Should the U.S. government stop giving aid? Is it doing more harm than good?
This is a decision for the Americans to make, but I would say that the Americans should help us clean the political system in order to have a guarantee that the aid is going to be used properly. If we don't do this, we are wasting our time, we are wasting our money -- and we are frustrating both the Colombians, who are expecting a lot from the American aid, and the American people, who want to see results.
You come from a prominent Colombian family but you grew up in Europe. How did you get started in politics?
At home everyone spoke about politics. My father was an ambassador and my mother was linked to social issues in Colombia, and the major issues in the home were political issues. From very early in life I was forced to listen to people talking about Colombia, about our future, about our rights, about what we could expect as Colombians. I also think that because I was brought up in France, I was very sensitive to some issues like human rights protection, the environment and anti-corruption.
Until Death Do Us Part: My Struggle to Reclaim Colombia
By Ingrid Betancourt
Ecco Press
224 pages
Nonfiction
I returned to Colombia because I felt that Colombia was living in a very difficult crisis and it didn't feel good to be living outside Colombia knowing that my friends and relatives were facing problems in Colombia while I was living abroad. I had a sense of responsibility. I felt that I had to be with my people in their moment of difficulty. I felt like I could have a very comfortable life while others were putting their lives at risk in order to save our country.
Also, there was an incident. I'm very close to my mother and when I was abroad, she was participating in Louis Carlos Galan's presidential campaign. Galan was a leader that we all considered to be a moral figure; we thought that he was going to save Colombia. And the day he was killed, my mother was with him.
But the story is very strange. That night, I couldn't sleep; I had nightmares. And in the morning, the only thing I wanted to do was call my mother in Colombia. When I called her, she was at the other end of the phone, crying and yelling "They killed him, they killed him."
Then she told me the story, which is really incredible. She was behind him at the moment the shot was fired, but she had fallen down because she was wearing high heels. And that fall saved her.
So what I realized at that moment, when she was telling me the story, was that I could have called her that morning and someone else could have answered -- someone who told me that Mother had been killed. Suddenly, I had this obsession that I had to go home and home wasn't abroad. Home was Colombia.
Since returning, you've made many sacrifices for your cause, watching friends die, going on a hunger strike to fight for an investigation of the sitting president and sending your children to live with their father in New Zealand. Which of these was most difficult?
The hardest sacrifice is a daily sacrifice. I have been living apart from my children for six years, and there is not one day that I don't suffer.
And didn't you have to send your children away under dangerous circumstances?

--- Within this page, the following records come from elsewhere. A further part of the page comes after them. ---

Lemma Sval_sub1_concurrence psi : normalized psi ->
  [/\ Sval (rhoAB psi) - 1 = 2 * concurrence (rhoAB psi) ^+ 2
        - concurrence (rhoAC psi) ^+ 2 - concurrence (rhoBC psi) ^+ 2,
      Sval (rhoAC psi) - 1 = 2 * concurrence (rhoAC psi) ^+ 2
        - concurrence (rhoAB psi) ^+ 2 - concurrence (rhoBC psi) ^+ 2
    & Sval (rhoBC psi) - 1 = 2 * concurrence (rhoBC psi) ^+ 2
        - concurrence (rhoAB psi) ^+ 2 - concurrence (rhoAC psi) ^+ 2].
Proof.
move=> psi_1; move: (sqr_concurrences psi).
(* Abstract the concurrences before rewriting: matching one of them against the others
   triggers very expensive conversion checks. *)
generalize (concurrence (rhoAB psi)) (concurrence (rhoAC psi)) (concurrence (rhoBC psi)).
move=> cAB cAC cBC [-> -> ->].
rewrite Sval_rhoAB Sval_rhoAC Sval_rhoBC (_ : psi_norm2 psi = 1) // expr1n.
by split; ring.
Qed.

Lemma sum_sqr_concurrence_le psi : normalized psi ->
  concurrence (rhoAB psi) ^+ 2 + concurrence (rhoAC psi) ^+ 2 + concurrence (rhoBC psi) ^+ 2
  <= 4%:R / 3%:R.
Proof.
move=> psi_1; move: (sqr_concurrences psi).
generalize (concurrence (rhoAB psi)) (concurrence (rhoAC psi)) (concurrence (rhoBC psi)).
move=> cAB cAC cBC [-> -> ->].
have := gram_tau_bound (flatAB (cycle3 psi)).
rewrite tr_gram_flatAB psi_norm2_cycle3 (_ : psi_norm2 psi = 1) // expr1n mulr1.
rewrite -/(det_tauAB (cycle3 psi)) -/(frob2_tauAB (cycle3 psi)) det_tauAB_cycle3.
rewrite mulrBr -frob2_tauAB_swap23_add => bound.
by apply: le_trans bound; rewrite le_eqVlt; apply/orP; left; apply/eqP; ring.
Qed.

End ThreeQubits.

Lemma excess_monogamy (R : numFieldType) (x y z sab sac sbc : R) :
  sab - 1 = 2 * x - y - z -> sac - 1 = 2 * y - x - z -> sbc - 1 = 2 * z - x - y ->
  x + y + z <= 4%:R / 3%:R ->
  let condA := 8%:R / 9%:R <= x + y in
  let condB := 8%:R / 9%:R <= x + z in
  let condC := 8%:R / 9%:R <= y + z in
  (condA /\ condB) \/ (condA /\ condC) \/ (condB /\ condC) ->
  ~ (1 < sab /\ 1 < sac) /\ ~ (1 < sab /\ 1 < sbc) /\ ~ (1 < sac /\ 1 < sbc).
Proof.
move=> eab eac ebc sum_le condA condB condC.
have excess_le0 u v w s : u + v + w = x + y + z -> s - 1 = 2 * w - u - v ->
    8%:R / 9%:R <= u + v -> ~ 1 < s.
  move=> uvw es uv_ge s_gt1.
  suff : s - 1 <= 0 by rewrite subr_le0 => /(lt_le_trans s_gt1); rewrite ltxx.
  rewrite es (_ : 2 * w - u - v = 2 * (u + v + w) - 3 * (u + v)); last by ring.
  rewrite uvw subr_le0; apply: le_trans (_ : 2 * (4%:R / 3%:R) <= _).
    by rewrite ler_pM2l ?ltr0n.
  apply: le_trans (_ : 3 * (8%:R / 9%:R) <= _); last by rewrite ler_pM2l ?ltr0n.
  by rewrite le_eqVlt; apply/orP; left; apply/eqP; field; rewrite ?pnatr_eq0.
have noA : condA -> ~ 1 < sbc by apply: (excess_le0 x y z).
have noB : condB -> ~ 1 < sac by apply: (excess_le0 x z y) => //; ring.
have noC : condC -> ~ 1 < sab by apply: (excess_le0 y z x) => //; ring.
by case=> [[/noA ? /noB ?]|[[/noA ? /noC ?]|[/noB ? /noC ?]]]; tauto.
Qed.

Theorem corollary4 (R : realType) (psi : 'I_2 -> 'I_2 -> 'I_2 -> R[i]) :
  normalized psi ->
  let CAB := concurrence (rhoAB psi) in
  let CAC := concurrence (rhoAC psi) in
  let CBC := concurrence (rhoBC psi) in
  (* condition C_ik^2 + C_jk^2 >= 8/9 for k = A, B, C *)
  let condA := 8%:R / 9%:R <= CAB ^+ 2 + CAC ^+ 2 in
  let condB := 8%:R / 9%:R <= CAB ^+ 2 + CBC ^+ 2 in
  let condC := 8%:R / 9%:R <= CAC ^+ 2 + CBC ^+ 2 in
  (condA /\ condB) \/ (condA /\ condC) \/ (condB /\ condC) ->
  let SAB := Sval (rhoAB psi) in
  let SAC := Sval (rhoAC psi) in
  let SBC := Sval (rhoBC psi) in
  ~ (1 < SAB /\ 1 < SAC) /\ ~ (1 < SAB /\ 1 < SBC) /\ ~ (1 < SAC /\ 1 < SBC).
Proof.
move=> psi_1; have [eAB eAC eBC] := Sval_sub1_concurrence psi_1.
exact: excess_monogamy eAB eAC eBC (sum_sqr_concurrence_le psi_1).
Qed.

We received death threats. The children were very young and there was a guy who came to my office. He was threatening us, so we had to leave. We took a plane the next day and I left them in New Zealand with their father. I thought that perhaps it was not going to be too long, but six years have gone by, they've grown to be teenagers and I haven't been able to live with them.
How old are your children now, and what do they think of your crusade?

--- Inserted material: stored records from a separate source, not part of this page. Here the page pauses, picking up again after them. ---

Let wsum_skew3 K chi : (forall u v w, skew3 chi u v w = 0) -> wsum K chi = 0.
Proof.
move=> chi_skew; apply: (@lmod_mulrn_eq0 _ 5).
have <- : wsum K (skew3 chi) = wsum K chi *+ 6.
  have e2 := wsum_swap12 K chi; have e3 := wsum_swap23 K chi.
  have e4 := wsum_swap23 K (fun u v w => chi v u w).
  have e5 := wsum_swap12 K (fun u v w => chi u w v).
  have e6 := wsum_swap12 K (fun u v w => chi w u v).
  rewrite /skew3 wsumB wsumD wsumD wsumB wsumB e6 e5 e4 e3 e2 !opprK.
  by rewrite !mulrS mulr0n addr0 !addrA.
by rewrite /wsum; do 3!(apply: big1 => ? _); rewrite chi_skew scale0r.
Qed.

Let corner m n u v w : F := ((u < m) && (v < n) && (u + v + w == (m + n).-1))%N%:R.

Let skew3_corner m n u v w : skew3 (corner m n) u v w = 0.
Proof.
rewrite /skew3 /corner.
have -> : (v + u + w = u + v + w)%N by lia.
have -> : (u + w + v = u + v + w)%N by lia.
have -> : (w + u + v = u + v + w)%N by lia.
have -> : (v + w + u = u + v + w)%N by lia.
have -> : (w + v + u = u + v + w)%N by lia.
have [/corner_count_sym|_] := eqVneq (u + v + w)%N (m + n).-1; last first.
  by rewrite !andbF /=; ring.
move=> /(congr1 (fun k => k%:R : F)); rewrite !andbT !natrD => /eqP.
by rewrite -subr_eq0 => /eqP <-; ring.
Qed.

Let sum_corner_w m n u v :
  \sum_(0 <= w < m + n) corner m n u v w *: T u v w =
  if ((u < m) && (v < n))%N then T u v ((m + n).-1 - (u + v))%N else 0.
Proof.
rewrite /corner; case: ifP => [/andP[lt_um lt_vn]|_]; last first.
  by apply: big1 => w _; rewrite scale0r.
rewrite (eq_bigr (fun w => if w == ((m + n).-1 - (u + v))%N then T u v w else 0)).
  by rewrite -big_mkcond big_nat1_eq; case: ifP => //; lia.
move=> w _ /=.
have -> : (u + v + w == (m + n).-1) = (w == (m + n).-1 - (u + v))%N by apply/eqP/eqP; lia.
by case: eqP; rewrite ?scale1r ?scale0r.
Qed.

Lemma sum_corner_eq0 m n :
  \sum_(0 <= u < m) \sum_(0 <= v < n) T u v ((m + n).-1 - (u + v))%N = 0.
Proof.
transitivity (wsum (m + n) (corner m n)); last exact: wsum_skew3 (@skew3_corner m n).
rewrite (big_nat_widen _ _ _ _ _ (leq_addr n m)) big_mkcond; apply: eq_bigr => u _.
under [RHS]eq_bigr => v _ do rewrite sum_corner_w.
case: (ltnP u m) => [lt_um|le_mu] /=; last by rewrite big1.
by rewrite (big_nat_widen _ _ _ _ _ (leq_addl m n)) big_mkcond.
Qed.

End SkewSums.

My children were 10 and 7 when they left; they're now 16 and 13. I think I've been lucky because my children could have been traumatized or they could have hated me because of the decision I have taken. But they have grown into very healthy teenagers, very confident in themselves, and they support me. They are proud of me, they understand what I'm doing and they don't feel that I've abandoned them. They feel that I'm doing the correct thing. I have their support; it's a gift from heaven.
Do you think it's substantially harder to be a woman, a female leader, in Colombian politics?
Well, what's happened in Colombia is that we've been living through a civil war for 50 years, and when you live in Civil War -- or any war -- men go to fight and women take care of the important things, as I would say it. In Colombia, 70 percent of the families are raised solely by women. Women have been forced to take responsibility not only in family issues but also in economic issues. All women in Colombia work. Even among the wealthy, everyone works. I have no friends who stay at home as housewives.
This has opened the path to politics. What's also helped a lot is, well, men have done such a lousy job in politics that people think women will do it better. This is the hope that people have so they will vote more readily for a woman than a man.
But once you get into politics, things change. Once you're elected and you have the confidence of the people, the battle in the political field is terrible because those guys [in power] won't respect anything. They won't confront your ideas; they'll try to knock you down by attacking you in personal fields. This is something that we as women have to bear, the fact that they attack you for leaving your children, or because you have a divorce or because you've been married several times.
You've used some unconventional campaign tactics to fight back, such as handing out condoms as a sign that you would protect the people from the disease of corruption. How has the public responded?
At the beginning it was kind of shocking because Colombia is a conservative society. Church is very influential in Colombian society, and having a young woman distributing condoms in the street -- especially because condoms are a man's device -- was very shocking to a lot of people. But then they started to understand the symbol of the thing. They understood that I was trying to make them think that we needed to react against corruption, and that's why I was elected.
I think there is an enormous space in Colombia to do symbolic actions and be very pedagogical with the public to make them understand something that it would normally take years to make them understand.